Although CDKN2A is a strong candidate ALL-susceptibility gene on the basis of its biology, we cannot exclude a role of the other genes in 9p21.3 region as the basis of the association. To explore the entire genetic interval, we imputed 320 SNP genotypes within the 174-kb LD block containing rs3731217, using both HapMap and 1000 Genomes data in our GWA series (at 21,942,000–22,116,000 base pairs). Five SNPs showed a Ptrend < 10−3, and all were located within 15 kb of rs3731217 (Supplementary Table 2). None of these SNPs provided substantially better evidence for an association than rs3731217, and all were in strong LD with rs3731217 (r2 > 0.80, D′ > 0.97). Results from haplotype analysis provided evidence for a single risk variant defined by rs3731239-rs2811709-rs4074785-rs3731217-rs2811712-rs3218018 (Supplementary Table 3). To gain further insight into the causal basis of the association, we performed logistic regression using SNPs mapping to the 174-kb region of LD at 9p21.3. Analyses conditional on rs3731217 provided no support for a secondary association; however, a single disease-causing haplotype as inferred by ancestral recombination graph analysis could not be fully defined (Supplementary Table 3).
Inactivation of CDKN2A and CDKN2B is primarily a consequence of mono- or biallelic 9p21.3 deletion rather than promoter methylation11,12. To explore the possibility that the risk allele for rs3731217 is favored by somatic tumor evolution, we examined the relationship between genotype and CDKN2A and CDKN2B deletion in leukemic clones in 66 UK-GWA2 and 387 German cases. Although it is mechanistically plausible that somatic loss of the wild-type allele preferentially occurs in the leukemic clones of carriers, the frequency of CDKN2A deletion (mono- or biallelic) in leukemic clones was not different in carriers of the risk allele compared with non-carriers (P = 0.07 and P = 0.93 in the two datasets, respectively; Supplementary Table 4).

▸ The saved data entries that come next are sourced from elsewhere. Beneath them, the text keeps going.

(* Let $\Phi$ be a rooted triple formula all of whose clauses are tame. If the graph $F_\Phi$ is connected, then $\Phi$ is unsatisfiable.
   Context: Rooted triple formula: conjunction of clauses, each a disjunction of literals $xy|z$, with the convention that no literal has the form $xx|y$, $xy|x$ or $xy|y$. Satisfiable: there is a rooted binary tree $T$ (root has two neighbours, every other vertex three or one) and a map $\alpha$ from variables to leaves of $T$ such that each clause contains a literal $xy|z$ with $\alpha(x),\alpha(y),\alpha(z)$ pairwise distinct and $\mathrm{yca}(\alpha(x),\alpha(y))$ strictly below $\mathrm{yca}(\alpha(x),\alpha(z))$ (yca = common ancestor farthest from the root). A clause is trivial if it is satisfied by every injective map of its variables into the leaves of every rooted binary tree. A clause $x_1y_1|z_1\vee\dots\vee x_py_p|z_p$ is tame if it is trivial or $\{x_i,y_i\}=\{x_j,y_j\}$ for all $i,j$. For $\Phi$ with tame clauses, $F_\Phi$ is the graph on the variables of $\Phi$ with an edge $\{x,y\}$ iff $\Phi$ contains a clause $xy|z_1\vee\dots\vee xy|z_p$ with $p\ge1$. *)

From mathcomp Require Import all_boot.
Set Implicit Arguments. Unset Strict Implicit. Unset Printing Implicit Defensive.

(* Vertices are addressed by
   their path from the root (false = left child, true = right child). *)
Inductive tree := Leaf | Node of tree & tree.

Fixpoint is_leaf (t : tree) (p : seq bool) : bool :=
  match t, p with
  | Leaf, [::] => true
  | Node l r, b :: p' => is_leaf (if b then r else l) p'
  | _, _ => false
  end.

(* The paper's rooted binary tree: the root has two neighbours. *)
Definition rooted_binary (t : tree) : bool :=
  if t is Node _ _ then true else false.

(* Longest common prefix = address of the youngest common ancestor. *)
Fixpoint lcp (a b : seq bool) : seq bool :=
  match a, b with
  | x :: a', y :: b' => if x == y then x :: lcp a' b' else [::]
  | _, _ => [::]
  end.

Definition yca (a b : seq bool) : seq bool := lcp a b.

Definition strictly_below (u v : seq bool) : bool := prefix v u && (v != u).

(* Variables are natural numbers; a literal xy|z is the triple (x, y, z). *)
Definition literal := (nat * nat * nat)%type.
Definition clause := seq literal.
Definition formula := seq clause.

Definition lit_vars (l : literal) : seq nat :=
  let: (x, y, z) := l in [:: x; y; z].
Definition clause_vars (C : clause) : seq nat := flatten (map lit_vars C).
Definition formula_vars (Phi : formula) : seq nat :=
  flatten (map clause_vars Phi).

(* Convention: no literal of the form xx|y, xy|x, xy|y. *)
Definition lit_wf (l : literal) : bool :=
  let: (x, y, z) := l in [&& x != y, x != z & y != z].
Definition formula_wf (Phi : formula) : bool := all (all lit_wf) Phi.

Definition lit_sat (a : nat -> seq bool) (l : literal) : bool :=
  let: (x, y, z) := l in
  [&& a x != a y, a x != a z, a y != a z &
      strictly_below (yca (a x) (a y)) (yca (a x) (a z))].

Definition clause_sat (a : nat -> seq bool) (C : clause) : bool :=
  has (lit_sat a) C.

Definition satisfiable (Phi : formula) : Prop :=
  exists (t : tree) (a : nat -> seq bool),
    [/\ rooted_binary t,
        (forall x, x \in formula_vars Phi -> is_leaf t (a x)) &
        all (clause_sat a) Phi].

Definition trivial_clause (C : clause) : Prop :=
  forall (t : tree) (a : nat -> seq bool),
    rooted_binary t ->
    (forall x, x \in clause_vars C -> is_leaf t (a x)) ->
    {in clause_vars C &, injective a} ->
    clause_sat a C.

Definition lit_pair_is (u v : nat) (l : literal) : bool :=
  let: (x, y, _) := l in ((x == u) && (y == v)) || ((x == v) && (y == u)).

Definition same_pairs (C : clause) : Prop :=
  forall l1 l2, l1 \in C -> l2 \in C ->
    let: (x, y, _) := l1 in lit_pair_is x y l2.

Definition tame (C : clause) : Prop := trivial_clause C \/ same_pairs C.

Definition F_edge (Phi : formula) (x y : nat) : bool :=
  (x != y) &&
  has (fun C => (C != [::]) && all (lit_pair_is x y) C) Phi.

(* Connectedness of F_Phi on the vertex set formula_vars Phi
   (a connected graph is nonempty). *)
Definition F_connected (Phi : formula) : Prop :=
  formula_vars Phi != [::] /\
  forall u v, u \in formula_vars Phi -> v \in formula_vars Phi ->
    exists p : seq nat, path (F_edge Phi) u p /\ last u p = v.

From mathcomp Require Import all_boot.
Set Implicit Arguments. Unset Strict Implicit. Unset Printing Implicit Defensive.

(* Suppose a leaf assignment a satisfies Phi and let c be the
   youngest common ancestor of all leaves a w, w a variable of Phi (the
   longest common prefix of their addresses).  An edge {x,y} of F_Phi comes
   from a clause all of whose literals read xy|z; a satisfied literal xy|z
   has yca(a x, a y) strictly below yca(a x, a z), and the latter lies at or
   below c, so a x and a y lie in the same child subtree c.b of c.  Along
   paths of F_Phi this child is the same, so by connectedness every leaf lies
   below c.b, contradicting the maximality of c. *)

Lemma lcp_prefixl (s t : seq bool) : prefix (lcp s t) s.
Proof.
elim: s t => [|x s IH] [|y t] //=; case: eqP => // _ /=; rewrite eqxx; exact: IH.
Qed.

Lemma lcp_prefixr (s t : seq bool) : prefix (lcp s t) t.
Proof.
elim: s t => [|x s IH] [|y t] //=; case: eqP => //= ->; rewrite eqxx; exact: IH.
Qed.

Lemma lcp_greatest (c s t : seq bool) :
  prefix c s -> prefix c t -> prefix c (lcp s t).
Proof.
elim: c s t => [|x c IH] [|y s] [|z t] //=; first by rewrite prefix0s.
by move=> /andP[/eqP <- Hs] /andP[/eqP <- Ht]; rewrite eqxx /= eqxx IH.
Qed.

Lemma prefix_rcons_exists (T : eqType) (c s : seq T) :
  prefix c s -> size c < size s -> exists b, prefix (rcons c b) s.
Proof.
elim: c s => [|x c IH] [|y s] //=; first by exists y; rewrite /= eqxx prefix0s.
by move=> /andP[/eqP -> /IH H] /H [b Hb]; exists b; rewrite /= eqxx.
Qed.

Lemma prefix_rcons_uniq (T : eqType) (c s : seq T) b1 b2 :
  prefix (rcons c b1) s -> prefix (rcons c b2) s -> b1 = b2.
Proof.
elim: c s => [|x c IH] [|y s] //=; first by move=> /andP[/eqP -> _] /andP[/eqP].
by move=> /andP[_ H1] /andP[_ H2]; exact: IH H1 H2.
Qed.

Lemma strictly_below_size (u v : seq bool) :
  strictly_below u v -> prefix v u /\ size v < size u.
Proof.
move=> /andP[Hvu Hne]; split=> //; rewrite ltn_neqAle size_prefix // andbT.
apply: contra Hne => /eqP Hsz; apply/eqP.
by move: Hvu; rewrite prefixE Hsz take_size => /eqP.
Qed.

Definition common_prefix (d : seq bool) (L : seq (seq bool)) : seq bool :=
  foldr lcp d L.

Lemma common_prefix_prefix d L s : s \in L -> prefix (common_prefix d L) s.
Proof.
elim: L => [|h L IH] //=; rewrite inE => /predU1P[-> | /IH Hs].
  exact: lcp_prefixl.
exact: prefix_trans (lcp_prefixr _ _) Hs.
Qed.

Lemma common_prefix_greatest d L e :
  {in L, forall s, prefix e s} -> prefix e d -> prefix e (common_prefix d L).
Proof.
elim: L => [|h L IH] //= HL Hd; apply: lcp_greatest; first by rewrite HL ?mem_head.
by apply: IH => // s Hs; rewrite HL // inE Hs orbT.
Qed.

Lemma lit_var_in_formula (Phi : formula) C (l : literal) w :
  C \in Phi -> l \in C -> w \in lit_vars l -> w \in formula_vars Phi.
Proof. by move=> HC Hl Hw; apply/flatten_mapP; exists C => //; apply/flatten_mapP; exists l. Qed.

Section SameChild.

Variables (Phi : formula) (a : nat -> seq bool) (c : seq bool).
Hypothesis c_ancestor : {in formula_vars Phi, forall w, prefix c (a w)}.
Hypothesis Phi_sat : all (clause_sat a) Phi.

Lemma edge_same_child x y :
  F_edge Phi x y -> exists b, prefix (rcons c b) (a x) /\ prefix (rcons c b) (a y).
Proof.
move=> /andP[_ /hasP[C CPhi /andP[_ pairs_xy]]].
have /hasP[[[p q] z] lC sat_pqz] := allP Phi_sat C CPhi.
have c_pref w : w \in [:: p; q; z] -> prefix c (a w).
  by move=> Hw; apply: c_ancestor; apply: (lit_var_in_formula CPhi lC).
move: sat_pqz => /and4P[_ _ _ /strictly_below_size [pq_pz size_pz_pq]].
have c_pz : prefix c (lcp (a p) (a z)).
  by apply: lcp_greatest; apply: c_pref; rewrite !inE eqxx ?orbT.
have [b Hb] := prefix_rcons_exists (prefix_trans c_pz pq_pz)
                 (leq_ltn_trans (size_prefix c_pz) size_pz_pq).
have [Hbp Hbq] := (prefix_trans Hb (lcp_prefixl _ _), prefix_trans Hb (lcp_prefixr _ _)).
by exists b; move: (allP pairs_xy _ lC) => /= /orP[] /andP[/eqP <- /eqP <-].
Qed.

Lemma path_same_child b x p :
  prefix (rcons c b) (a x) -> path (F_edge Phi) x p ->
  prefix (rcons c b) (a (last x p)).
Proof.
elim: p x => [|y p IH] x //= Hx /andP[/edge_same_child [b' [Hb'x Hb'y]] Hp].
by apply: IH Hp; rewrite (prefix_rcons_uniq Hx Hb'x); exact: Hb'y.
Qed.

End SameChild.

(* A connected F_Phi of a well-formed Phi has an edge: some literal xy|z
   has x != y, and a path of F_Phi from x to y is not empty. *)
Lemma connected_has_edge (Phi : formula) :
  formula_wf Phi -> F_connected Phi ->
  exists x y, x \in formula_vars Phi /\ F_edge Phi x y.
Proof.
move=> wf [nonempty connected].
have [v Hv] : exists v, v \in formula_vars Phi.
  by case: (formula_vars Phi) nonempty => [|v ?] //; exists v; rewrite mem_head.
have /flatten_mapP [C CPhi /flatten_mapP [[[x y] z] lC _]] := Hv.
have Hx : x \in formula_vars Phi.
  by apply: (lit_var_in_formula CPhi lC); rewrite mem_head.
have Hy : y \in formula_vars Phi.
  by apply: (lit_var_in_formula CPhi lC); rewrite !inE eqxx orbT.
have [[|x1 p] [/= Hp Hlast]] := connected x y Hx Hy.
  by have := allP (allP wf C CPhi) _ lC; rewrite /= Hlast eqxx.
by exists x, x1; case/andP: Hp.
Qed.

Theorem mainTheorem7 (Phi : formula) :
  formula_wf Phi ->
  (forall C, C \in Phi -> tame C) ->
  F_connected Phi ->
  ~ satisfiable Phi.
Proof.
move=> wf _ Fconn [t [a [_ _ Phi_sat]]].
have [x [y [Hx Exy]]] := connected_has_edge wf Fconn.
pose c := common_prefix (a x) (map a (formula_vars Phi)).
have c_ancestor : {in formula_vars Phi, forall w, prefix c (a w)}.
  by move=> w Hw; apply: common_prefix_prefix; apply: map_f.
have [b [Hbx _]] := edge_same_child c_ancestor Phi_sat Exy.
have cb_ancestor : {in formula_vars Phi, forall w, prefix (rcons c b) (a w)}.
  move=> w Hw; have [p [Hp <-]] := Fconn.2 x w Hx Hw.
  exact: (path_same_child c_ancestor Phi_sat Hbx Hp).
have : prefix (rcons c b) c.
  apply: common_prefix_greatest; last exact: cb_ancestor.
  by move=> _ /mapP [w Hw ->]; apply: cb_ancestor.
by move/size_prefix; rewrite size_rcons ltnn.
Qed.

HapMap and 1000 Genomes data provided no evidence that rs3731217 is strongly correlated with a coding SNP in CDKN2A, CDKN2B or CDKN2BAS (r2< 0.001, D′ < 0.001; Supplementary Table 5). To explore the possibility that the association to disease might be mediated through differential CDKN2A or CDKN2B expression, we investigated the relationship between rs3731217 genotype and mRNA expression in 90 Epstein-Barr virus lymphoblastoid cells13. Although we found no association between rs3731217 genotype and expression of either mRNA transcript (Supplementary Fig. 3), steady-state levels of RNA at a single time point and in cycling mature B-cells may not adequately capture the impact of differential expression in leukemogenesis.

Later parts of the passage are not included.